## TASK REQUIREMENTS
Please repeat the records exactly from their first line, finishing at the line containing "(* [set0] is" and including it.

## Stored dataset items
* * *
Lemma maximal_subspace_avoiding {W x} : is_subspace W -> ~ W x ->
  exists A, [/\ is_subspace A, W `<=` A, ~ A x &
                forall B, A `<` B -> is_subspace B -> B x].
Proof.
move=> sW nWx.
pose Q X := [/\ is_subspace X, W `<=` X & ~ X x].
(* [set0] is admitted so that the empty chain has an upper bound. *)
have [A [PA Amax]] : exists A, (A = set0 \/ Q A) /\
    forall B, A `<` B -> ~ (B = set0 \/ Q B).
  apply: Zorn_bigcup => F FP Ftot.
  have QF X u : F X -> X u -> Q X.
    by move=> FX Xu; case: (FP X FX) => // X0; rewrite X0 in Xu.
  have [[X0 FX0]|F0] := pselect (exists X0, F X0 /\ Q X0); last first.
    left; apply/seteqP; split => // u [X FX Xu].
    by apply: F0; exists X; split => //; exact: QF Xu.
  right; case: FX0 => FX0 [[X00 _] WX0 _]; split.
  - split; first by exists X0.
    move=> c u v [X1 F1 X1u] [X2 F2 X2v].
    have [X12|X21] := Ftot _ _ F1 F2.
    + exists X2 => //; have [[_ X2c] _ _] := QF _ _ F2 X2v.
      by apply: X2c => //; exact: X12.
    + exists X1 => //; have [[_ X1c] _ _] := QF _ _ F1 X1u.
      by apply: X1c => //; exact: X21.
  - by move=> w Ww; exists X0 => //; exact: WX0.
  - by move=> [X FX Xx]; have [_ _] := QF _ _ FX Xx; apply.
have QA : Q A.
  case: PA => // A0; exfalso; apply: (Amax W); last by right; split.
  by rewrite A0; split => // /(_ 0 sW.1).
case: QA => sA WA nAx; exists A; split => // B AB sB.
apply: contrapT => nBx; apply: (Amax B AB); right; split => //.
exact: subset_trans (properW AB).
Qed.

Lemma maximal_avoiding_line {A x} : is_subspace A -> ~ A x ->
    (forall B, A `<` B -> is_subspace B -> B x) ->
  forall z, exists c, A (z - c *: x).
Proof.
move=> sA nAx Amax z; apply: contrapT => nex.
pose B v := exists m c, A m /\ v = m + c *: z.
have AB : A `<=` B by move=> m Am; exists m, 0; rewrite scale0r addr0.
have sB : is_subspace B.
  split; first by apply: AB; exact: sA.1.
  move=> c _ _ [m1 [c1 [Am1 ->]]] [m2 [c2 [Am2 ->]]].
  exists (c *: m1 + m2), (c * c1 + c2); split; first exact: sA.2.
  by rewrite scalerDr scalerDl scalerA addrACA.
have Bz : B z by exists 0, 1; rewrite scale1r add0r; split => //; exact: sA.1.
have [m [c [Am xE]]] : B x.
  apply: Amax => //; split => // /(_ z Bz) Az.
  by apply: nex; exists 0; rewrite scale0r subr0.
have [c0|cn0] := eqVneq c 0; first by apply: nAx; rewrite xE c0 scale0r addr0.
apply: nex; exists c^-1; rewrite xE scalerDr scalerA mulVf // scale1r opprD addrA.
by rewrite addrAC subrr add0r -scaleNr; exact: subspaceZ.
Qed.

Lemma avoiding_coef_unique {A x z c c'} : is_subspace A -> ~ A x ->
  A (z - c *: x) -> A (z - c' *: x) -> c = c'.
Proof.
move=> sA nAx Ac Ac'; apply: contrapT => /eqP ncc.
have : A ((c' - c) *: x).
  by have := subspaceB sA Ac Ac'; rewrite opprB addrC addrA subrK scalerBl.
move=> /(subspaceZ (c' - c)^-1 sA); rewrite scalerA mulVf ?subr_eq0 1?eq_sym //.
by rewrite scale1r.
Qed.

Lemma separating_functional {W : set U} {x} : is_subspace W -> ~ W x ->
  exists f : {linear U -> k^o}, f x = 1 /\ forall w, W w -> f w = 0.
Proof.
move=> sW nWx.
have [A [sA WA nAx Amax]] := maximal_subspace_avoiding sW nWx.
pose f z : k^o := xget 0 (fun c => A (z - c *: x)).
have fP z : A (z - f z *: x).
  exact: xgetPex (maximal_avoiding_line sA nAx Amax z).
have fL : lin f.
  move=> c y z; apply: (avoiding_coef_unique sA nAx (fP _)).
  have -> : c *: y + z - (c * f y + f z) *: x
            = c *: (y - f y *: x) + (z - f z *: x).
    by rewrite scalerDl -scalerA scalerBr opprD addrACA.
  exact: sA.2.
exists (lin_functional fL); split.
- apply: (avoiding_coef_unique sA nAx (fP x)).
  by rewrite scale1r subrr; exact: sA.1.
- move=> w Ww; apply: (avoiding_coef_unique sA nAx (fP w)).
  by rewrite scale0r subr0; exact: WA.
Qed.

Lemma functionals_separate (v w : U) :
  (forall f : {linear U -> k^o}, f v = f w) -> v = w.
Proof.
move=> vw; apply: contrapT => /eqP; rewrite -subr_eq0 => /eqP nvw.
have sW : is_subspace [set 0 : U].
  by split => // c u u' -> ->; rewrite scaler0 addr0.
have [f [fvw _]] := separating_functional sW nvw.
by move/eqP: fvw; rewrite linearB vw subrr eq_sym oner_eq0.
Qed.

End Subspaces.

Section Span.
Context {k : fieldType} {U : lmodType k}.

Definition span (xs : seq U) : set U :=
  [set u | exists c : nat -> k, u = \sum_(i < size xs) c i *: xs`_i].

Lemma span_subspace xs : is_subspace (span xs).
Proof.
split; first by exists (fun _ => 0); rewrite big1 // => i _; rewrite scale0r.
move=> c _ _ [c1 ->] [c2 ->]; exists (fun i => c * c1 i + c2 i).
rewrite scaler_sumr -big_split /=; apply: eq_bigr => i _.
by rewrite scalerDl scalerA.
Qed.

Lemma span_nth xs j : (j < size xs)%N -> span xs xs`_j.
Proof.
move=> ltj; exists (fun i => (i == j)%:R).
rewrite (bigD1 (Ordinal ltj)) //= eqxx scale1r big1 ?addr0 // => i.
by rewrite -val_eqE /= => /negbTE ->; rewrite scale0r.
Qed.

Lemma span_nil u : span [::] u -> u = 0.
Proof. by move=> [c ->]; rewrite big_ord0. Qed.

Lemma span_cons x0 xs u : span (x0 :: xs) u ->
  exists c w, span xs w /\ u = c *: x0 + w.
Proof.
move=> [c ->]; rewrite big_ord_recl /=.
exists (c 0%N), (\sum_(i < size xs) c (bump 0 i) *: xs`_i).
by split => //; exists (c \o S).
Qed.

Lemma span_cons_sub x0 xs : span xs x0 -> span (x0 :: xs) `<=` span xs.
Proof.
move=> x0xs u /span_cons [c [w [sw ->]]].
exact: (span_subspace xs).2 c x0 w x0xs sw.
Qed.

Lemma span_fst (T : eqType) (s : seq (U * T)) p : p \in s -> span (map fst s) p.1.
Proof.
move=> ps; rewrite -(nth_index p ps) -(nth_map p 0) ?index_mem //.
by apply: span_nth; rewrite size_map index_mem.
Qed.

End Span.

Section Tests.
Context {k : fieldType} {U : lmodType k} {T : eqType} (G : (T -> k^o) -> Prop).

(* [G] is the class of test functions on the second factor: linear forms for
   [teq2], bilinear forms on [V * W] for [teq3]. *)
Definition agree_on_tests (s t : seq (U * T)) :=
  forall (f : {linear U -> k^o}) g, G g ->
    \sum_(p <- s) f p.1 * g p.2 = \sum_(p <- t) f p.1 * g p.2.

Lemma agree_on_tests_sum s t : agree_on_tests s t ->
  forall b : U -> T -> k^o, (forall y, lin (b^~ y)) -> (forall x, G (b x)) ->
  \sum_(p <- s) b p.1 p.2 = \sum_(p <- t) b p.1 p.2.
Proof.
move=> + b bl bG; move: s t.
suff gen xs s t : agree_on_tests s t ->
    (forall p, p \in s ++ t -> span xs p.1) ->
    \sum_(p <- s) b p.1 p.2 = \sum_(p <- t) b p.1 p.2.
  by move=> s t st; apply: (gen (map fst (s ++ t))) => // p; exact: span_fst.
elim: xs s t => [|x0 xs IH] s t st sp.
  have b0 p : p \in s ++ t -> b p.1 p.2 = 0.
    by move=> /sp/span_nil ->; exact: lin0 (bl _).
  by rewrite !big_seq !big1 // => p pst; apply: b0; rewrite mem_cat pst ?orbT.
have [x0xs|nx0xs] := pselect (span xs x0).
  by apply: IH => // p /sp; exact: span_cons_sub.
have [f [fx0 fxs]] := separating_functional (span_subspace xs) nx0xs.
pose m (p : U * T) := (p.1 - f p.1 *: x0, p.2).
have sum_split r : \sum_(p <- r) b p.1 p.2
    = \sum_(p <- r) f p.1 * b x0 p.2 + \sum_(p <- map m r) b p.1 p.2.
  rewrite big_map -big_split /=; apply: eq_bigr => p _.
  rewrite -[f p.1 * _]/(f p.1 *: b x0 p.2) -(linZ (bl p.2)) -(linD (bl p.2)).
  by rewrite addrC subrK.
have sum_shift r (f' : {linear U -> k^o}) g :
    \sum_(p <- map m r) f' p.1 * g p.2
    = \sum_(p <- r) f' p.1 * g p.2 - f' x0 * \sum_(p <- r) f p.1 * g p.2.
  rewrite big_map mulr_sumr -sumrB; apply: eq_bigr => p _ /=.
  by rewrite linearB linearZ /= mulrBl mulrA [f' x0 * _]mulrC.
rewrite (sum_split s) (sum_split t) (st f _ (bG x0)); congr (_ + _); apply: IH.
  by move=> f' g Gg; rewrite !sum_shift !st.
move=> q; rewrite -map_cat => /mapP [p /sp /span_cons [c [w [sw pE]]] ->] /=.
rewrite pE linearP /= fx0 (fxs _ sw) -[_%:A]/(c * 1) mulr1 addr0.
by rewrite addrAC subrr add0r.
Qed.

End Tests.

Section Multilinear.
Context {k : fieldType}.

Definition bilin {U V W : lmodType k} (b : U -> V -> W) :=
  (forall y, lin (b^~ y)) /\ (forall x, lin (b x)).

Definition trilin {U V W X : lmodType k} (t : U -> V -> W -> X) :=
  [/\ forall y z, lin (fun x => t x y z), forall x z, lin (fun y => t x y z)
    & forall x y, lin (t x y)].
* * *
## SOLUTION BELOW
Lemma maximal_subspace_avoiding {W x} : is_subspace W -> ~ W x ->
  exists A, [/\ is_subspace A, W `<=` A, ~ A x &
                forall B, A `<` B -> is_subspace B -> B x].
Proof.
move=> sW nWx.
pose Q X := [/\ is_subspace X, W `<=` X & ~ X x].
(* [set0] is admitted so that the empty chain has an upper bound. *)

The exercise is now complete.